Your instructions: Your answer should be every line of the records that contains the word "case".

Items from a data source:
(* Let $a_1,\dots,a_n\in\mathbb{D}$ be distinct, $n\ge 2$, with $B_l(z)=\prod_{j=1}^l\frac{z-a_j}{1-\bar a_jz}$ and $k_j(z)=\frac1{1-\bar a_jz}$. Let $A$ be a linear operator on $K^2_{B_n}$ with matrix representation $(b^{(n)}_{i,j})_{i,j=1,\dots,n}$ with respect to $\{k_1,\dots,k_n\}$, i.e. $Ak_j=\sum_{m=1}^n b^{(n)}_{m,j}k_m$. Let $P_{n-1}$ be the orthogonal projection of $K^2_{B_n}$ onto $K^2_{B_{n-1}}$. Then $A_{n-1}=P_{n-1}A|_{K^2_{B_{n-1}}}$ has matrix representation $(b^{(n-1)}_{i,j})_{i,j=1,\dots,n-1}$ with respect to $\{k_1,\dots,k_{n-1}\}$ given by $$b^{(n-1)}_{i,j}=b^{(n)}_{i,j}+\frac{\overline{B_{n-1}(a_n)}\,b^{(n)}_{n,j}}{\overline{B_{n-1}'(a_i)}(\bar a_n-\bar a_i)}.$$
   Context: $K^2_\theta=H^2\ominus\theta H^2$ for inner $\theta$; $\{k_1,\dots,k_l\}$ is a basis of $K^2_{B_l}$ and $K^2_{B_{n-1}}\subset K^2_{B_n}$. *)

(* Complex numbers: an arbitrary numClosedFieldType C
   (C = the complex numbers is an instance; algC is another). *)
From HB Require Import structures.
From mathcomp Require Import all_boot all_order all_algebra.
Set Implicit Arguments. Unset Strict Implicit. Unset Printing Implicit Defensive.
Import Order.TTheory GRing.Theory Num.Theory.
Local Open Scope ring_scope.

(* Points are indexed from 0: a 0, ..., a (n-1) correspond to a_1, ..., a_n. *)

Definition kfun (C : numClosedFieldType) (a : nat -> C) (j : nat) (z : C) : C :=
  (1 - (a j)^* * z)^-1.

(* H^2 inner product of kernels: <k_j, k_i> = k_j(a_i) (reproducing property). *)
Definition gram (C : numClosedFieldType) (a : nat -> C) (i j : nat) : C :=
  kfun a j (a i).

(* H^2 inner product of f = sum_{m<n} c_m k_m and g = sum_{i<n} d_i k_i,
   computed through the coordinates. *)
Definition kip (C : numClosedFieldType) (a : nat -> C) (n : nat)
    (c d : nat -> C) : C :=
  \sum_(i < n) \sum_(m < n) c m * (d i)^* * gram a i m.

Definition kdelta (C : numClosedFieldType) (i : nat) : nat -> C :=
  fun m => (m == i)%:R.

(* g (coordinates) is the orthogonal projection of f (coordinates, an
   element of K^2_{B_n} = span{k_0..k_{n-1}}) onto span{k_0,...,k_{l-1}}:
   g lies in that span and f - g is orthogonal to each k_i, i < l. *)
Definition orth_proj_coords (C : numClosedFieldType) (a : nat -> C) (n l : nat)
    (f g : nat -> C) : Prop :=
  (forall m, (l <= m)%N -> g m = 0) /\
  (forall i, (i < l)%N -> kip a n (fun m => f m - g m) (kdelta C i) = 0).

Definition Bnum (C : numClosedFieldType) (a : nat -> C) (l : nat) : {poly C} :=
  \prod_(j < l) ('X - (a j)%:P).
Definition Bden (C : numClosedFieldType) (a : nat -> C) (l : nat) : {poly C} :=
  \prod_(j < l) (1 - ((a j)^*)%:P * 'X).
Definition Beval (C : numClosedFieldType) (a : nat -> C) (l : nat) (z : C) : C :=
  (Bnum a l).[z] / (Bden a l).[z].
Definition Bder (C : numClosedFieldType) (a : nat -> C) (l : nat) (z : C) : C :=
  ((Bnum a l)^`().[z] * (Bden a l).[z] - (Bnum a l).[z] * (Bden a l)^`().[z])
    / ((Bden a l).[z] ^+ 2).

(* Since A k_j - P_{n-1} A k_j only involves the component b_{n,j} k_n,
   everything reduces to projecting k_n: one checks that k_n - sum_{m<n} c_m k_m
   is orthogonal to every k_i, i < n, where
     c_m = conj(B(a_n)) / (conj(B'(a_m)) (conj a_n - conj a_m)),  B = B_{n-1}.
   After conjugation this is the identity
     sum_m B(l) / (B'(a_m) (l - a_m)) * 1 / (1 - a_m w) = 1 / (1 - l w),
   with l = a_n and w = conj a_i.  Writing B = Bnum / Bden, the m-th coefficient
   is the m-th Lagrange basis polynomial at l times Bden(a_m) / Bden(l), and
   since 1 - w z is a factor of Bden, the identity is Lagrange interpolation of
   the polynomial Bden(z) / (1 - w z), of degree < n-1, at a_1, ..., a_{n-1}. *)

From HB Require Import structures.
From mathcomp Require Import all_boot all_order all_algebra ring zify.
Import Order.TTheory GRing.Theory Num.Theory.
Set Implicit Arguments. Unset Strict Implicit. Unset Printing Implicit Defensive.
Local Open Scope ring_scope.

Lemma size_prod_neq_leq (R : nzSemiRingType) (N : nat) (m : 'I_N)
    (F : 'I_N -> {poly R}) :
  (forall j, (size (F j) <= 2)%N) -> (size (\prod_(j < N | j != m) F j)%R <= N)%N.
Proof.
move=> sF; apply: leq_trans (size_poly_prod_leq _ _) _.
have sum_le : (\sum_(j < N | j != m) size (F j) <= \sum_(j < N | j != m) 2)%N.
  exact: leq_sum.
move: sum_le; rewrite sum_nat_const cardC1 card_ord.
have := ltn_ord m; set s := (\sum_(_ < _ | _) _)%N; lia.
Qed.

Section LagrangeInterpolation.

Variables (K : fieldType) (N : nat) (x : nat -> K).
Hypothesis x_inj : forall i j, (i < N)%N -> (j < N)%N -> x i = x j -> i = j.

Definition lagrange_num (m : 'I_N) : {poly K} :=
  \prod_(j < N | j != m) ('X - (x j)%:P).

Lemma lagrange_num_root (m k : 'I_N) : m != k -> (lagrange_num m).[x k] = 0.
Proof.
by move=> mk; rewrite horner_prod (bigD1 k) 1?eq_sym //= hornerXsubC subrr mul0r.
Qed.

Lemma lagrange_num_node_neq0 (m : 'I_N) : (lagrange_num m).[x m] != 0.
Proof.
rewrite horner_prod; apply/prodf_neq0 => j jm.
rewrite hornerXsubC subr_eq0; apply: contra jm => /eqP /x_inj x_mj.
by apply/eqP/val_inj; rewrite /= x_mj.
Qed.

Lemma size_lagrange_num (m : 'I_N) : (size (lagrange_num m) <= N)%N.
Proof. by apply: size_prod_neq_leq => j; rewrite size_XsubC. Qed.

Lemma lagrange_interpolation (r : {poly K}) (z : K) : (size r <= N)%N ->
  r.[z] = \sum_(m < N) r.[x m] / (lagrange_num m).[x m] * (lagrange_num m).[z].
Proof.
move=> sr.
pose q := \sum_(m < N) (r.[x m] / (lagrange_num m).[x m]) *: lagrange_num m.
suff r_eq : r = q.
  by rewrite {1}r_eq horner_sum; apply: eq_bigr => m _; rewrite hornerZ.
apply/eqP; rewrite -subr_eq0; apply/eqP.
apply: (@roots_geq_poly_eq0 _ _ [seq x (val k) | k <- enum 'I_N]).
- apply/allP => _ /mapP [k _ ->]; rewrite /root !hornerE horner_sum.
  rewrite (bigD1 k) //= big1 => [|m mk]; last first.
    by rewrite hornerZ (lagrange_num_root mk) mulr0.
  by rewrite hornerZ mulfVK ?lagrange_num_node_neq0 // addr0 subrr.
- rewrite map_inj_uniq ?enum_uniq // => k l /x_inj x_kl.
  exact: val_inj (x_kl (ltn_ord k) (ltn_ord l)).
- rewrite size_map size_enum_ord; apply: leq_trans (size_polyD _ _) _.
  rewrite size_polyN geq_max sr /=; apply: leq_trans (size_sum _ _ _) _.
  apply/bigmax_leqP => m _; apply: leq_trans (size_scale_leq _ _) _.
  exact: size_lagrange_num.
Qed.

End LagrangeInterpolation.

Lemma one_sub_mul_neq0 (R : numDomainType) (c z : R) :
  `|c| < 1 -> `|z| < 1 -> 1 - c * z != 0.
Proof.
move=> c_lt1 z_lt1; rewrite subr_eq0; apply/eqP => one_eq.
have : `|c * z| < 1 by rewrite normrM -(mulr1 1) ltr_pM.
by rewrite -one_eq normr1 ltxx.
Qed.

Lemma size_one_sub_CX (R : nzRingType) (c : R) : (size (1 - c%:P * 'X)%R <= 2)%N.
Proof.
rewrite -mulNr -polyCN addrC -polyC1 size_MXaddC.
by case: ifP => // _; apply: size_polyC_leq1.
Qed.

Section Blaschke.

Variables (C : numClosedFieldType) (a : nat -> C) (N : nat).
Hypothesis a_disc : forall k, (k < N)%N -> `|a k| < 1.
Hypothesis a_inj : forall k l, (k < N)%N -> (l < N)%N -> a k = a l -> k = l.

Lemma Bden_neq0 (z : C) : `|z| < 1 -> (Bden a N).[z] != 0.
Proof.
move=> z_lt1; rewrite horner_prod; apply/prodf_neq0 => j _.
by rewrite !hornerE one_sub_mul_neq0 // norm_conjC a_disc.
Qed.

Lemma Bnum_node (m : 'I_N) : Bnum a N = ('X - (a m)%:P) * lagrange_num a m.
Proof. by rewrite /Bnum (bigD1 m). Qed.

Lemma Bder_node (m : 'I_N) :
  Bder a N (a m) = (lagrange_num a m).[a m] / (Bden a N).[a m].
Proof.
have Bden_m := Bden_neq0 (a_disc (ltn_ord m)).
rewrite /Bder (Bnum_node m) derivM derivXsubC !hornerE subrr.
by field.
Qed.

Lemma Beval_div_Bder_node (m : 'I_N) (l : C) : `|l| < 1 -> l != a m ->
  Beval a N l / (Bder a N (a m) * (l - a m)) =
    (lagrange_num a m).[l] / (lagrange_num a m).[a m]
      * ((Bden a N).[a m] / (Bden a N).[l]).
Proof.
move=> l_lt1 l_neq.
have Bden_m := Bden_neq0 (a_disc (ltn_ord m)).
have Bden_l := Bden_neq0 l_lt1.
have num_m := lagrange_num_node_neq0 a_inj m.
have l_sub : l - a m != 0 by rewrite subr_eq0.
rewrite Bder_node /Beval (Bnum_node m) hornerM hornerXsubC.
by field; rewrite Bden_m Bden_l num_m l_sub.
Qed.

Lemma Blaschke_kernel_sum (i : 'I_N) (l : C) :
  `|l| < 1 -> (forall m : 'I_N, l != a m) ->
  \sum_(m < N) Beval a N l / (Bder a N (a m) * (l - a m))
      * (1 - a m * (a i)^*)^-1 = (1 - l * (a i)^*)^-1.
Proof.
move=> l_lt1 l_neq; set w := (a i)^*.
pose r := \prod_(j < N | j != i) (1 - ((a j)^*)%:P * 'X).
have Bden_factor z : (Bden a N).[z] = (1 - z * w) * r.[z].
  by rewrite /Bden (bigD1 i) //= hornerM !hornerE [z * w]mulrC.
have w_lt1 : `|w| < 1 by rewrite norm_conjC a_disc.
have one_sub_neq0 z : `|z| < 1 -> 1 - z * w != 0.
  by move=> z_lt1; rewrite mulrC one_sub_mul_neq0.
have r_neq0 z : `|z| < 1 -> r.[z] != 0.
  by move=> /Bden_neq0; rewrite Bden_factor mulf_eq0 negb_or => /andP[].
have size_r : (size r <= N)%N.
  by apply: size_prod_neq_leq => j; apply: size_one_sub_CX.
have -> : (1 - l * w)^-1 = r.[l] / (Bden a N).[l].
  by rewrite Bden_factor; field; rewrite one_sub_neq0 ?r_neq0.
rewrite (lagrange_interpolation a_inj _ size_r) mulr_suml; apply: eq_bigr => m _.
have a_m := a_disc (ltn_ord m).
rewrite Beval_div_Bder_node // !Bden_factor.
by field; rewrite r_neq0 // !one_sub_neq0 // (lagrange_num_node_neq0 a_inj).
Qed.

Lemma kfun_expansion (i : 'I_N) (l : C) :
  `|l| < 1 -> (forall m : 'I_N, l != a m) ->
  (1 - l^* * a i)^-1 = \sum_(m < N) (Beval a N l)^*
      / ((Bder a N (a m))^* * (l^* - (a m)^*)) * kfun a m (a i).
Proof.
move=> l_lt1 l_neq.
have -> : (1 - l^* * a i)^-1 = ((1 - l * (a i)^*)^-1)^*.
  by rewrite fmorphV rmorphB rmorph1 rmorphM /= conjCK.
rewrite -(Blaschke_kernel_sum i l_lt1 l_neq) rmorph_sum; apply: eq_bigr => m _.
by rewrite /kfun !(rmorphM, fmorphV, rmorphB, rmorph1) /= conjCK mulrC.
Qed.

End Blaschke.

Lemma kip_kdelta (C : numClosedFieldType) (a : nat -> C) (n : nat) (c : nat -> C)
    (i : nat) :
  (i < n)%N -> kip a n c (kdelta C i) = \sum_(m < n) c m * gram a i m.
Proof.
move=> lt_in; rewrite /kip (bigD1 (Ordinal lt_in)) //= [X in _ + X]big1 => [|k].
  rewrite addr0.
  by apply: eq_bigr => m _; rewrite /kdelta eqxx conjC1 mulr1.
rewrite -val_eqE /= => /negbTE neq_ki.
by apply: big1 => m _; rewrite /kdelta neq_ki conjC0 mulr0 mul0r.
Qed.

Theorem lemma4p5 (C : numClosedFieldType) (n : nat) (a : nat -> C)
    (b : nat -> nat -> C) :
  (2 <= n)%N ->
  (forall i, (i < n)%N -> `|a i| < 1) ->
  (forall i j, (i < n)%N -> (j < n)%N -> a i = a j -> i = j) ->
  forall j, (j < n.-1)%N ->
    orth_proj_coords a n n.-1 (fun m => b m j)
      (fun i => if (i < n.-1)%N then
                  b i j + (Beval a n.-1 (a n.-1))^* * b n.-1 j
                          / ((Bder a n.-1 (a i))^* * ((a n.-1)^* - (a i)^*))
                else 0).
Proof.
case: n => [//|N] _ a_disc a_inj j _ /=.
split=> [m le_Nm | i lt_iN]; first by rewrite ltnNge le_Nm.
have a_discN k : (k < N)%N -> `|a k| < 1 by move=> lt_kN; apply/a_disc/ltnW.
have a_injN k l : (k < N)%N -> (l < N)%N -> a k = a l -> k = l.
  by move=> lt_kN lt_lN; apply: a_inj; apply: ltnW.
have aN_neq (m : 'I_N) : a N != a m.
  apply/eqP => /(a_inj _ _ (ltnSn N) (ltnW (ltn_ord m))) eq_Nm.
  by have := ltn_ord m; rewrite -eq_Nm ltnn.
have expansion :=
  kfun_expansion a_discN a_injN (Ordinal lt_iN) (a_disc N (ltnSn N)) aN_neq.
rewrite kip_kdelta; last exact: ltnW.
rewrite big_ord_recr /= ltnn subr0.
rewrite [gram a i N]/gram [kfun a N _]/kfun expansion.
rewrite mulr_sumr -big_split /=; apply: big1 => m _.
by rewrite ltn_ord /gram; ring.
Qed.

Answer space:
by case: ifP => // _; apply: size_polyC_leq1.
case: n => [//|N] _ a_disc a_inj j _ /=.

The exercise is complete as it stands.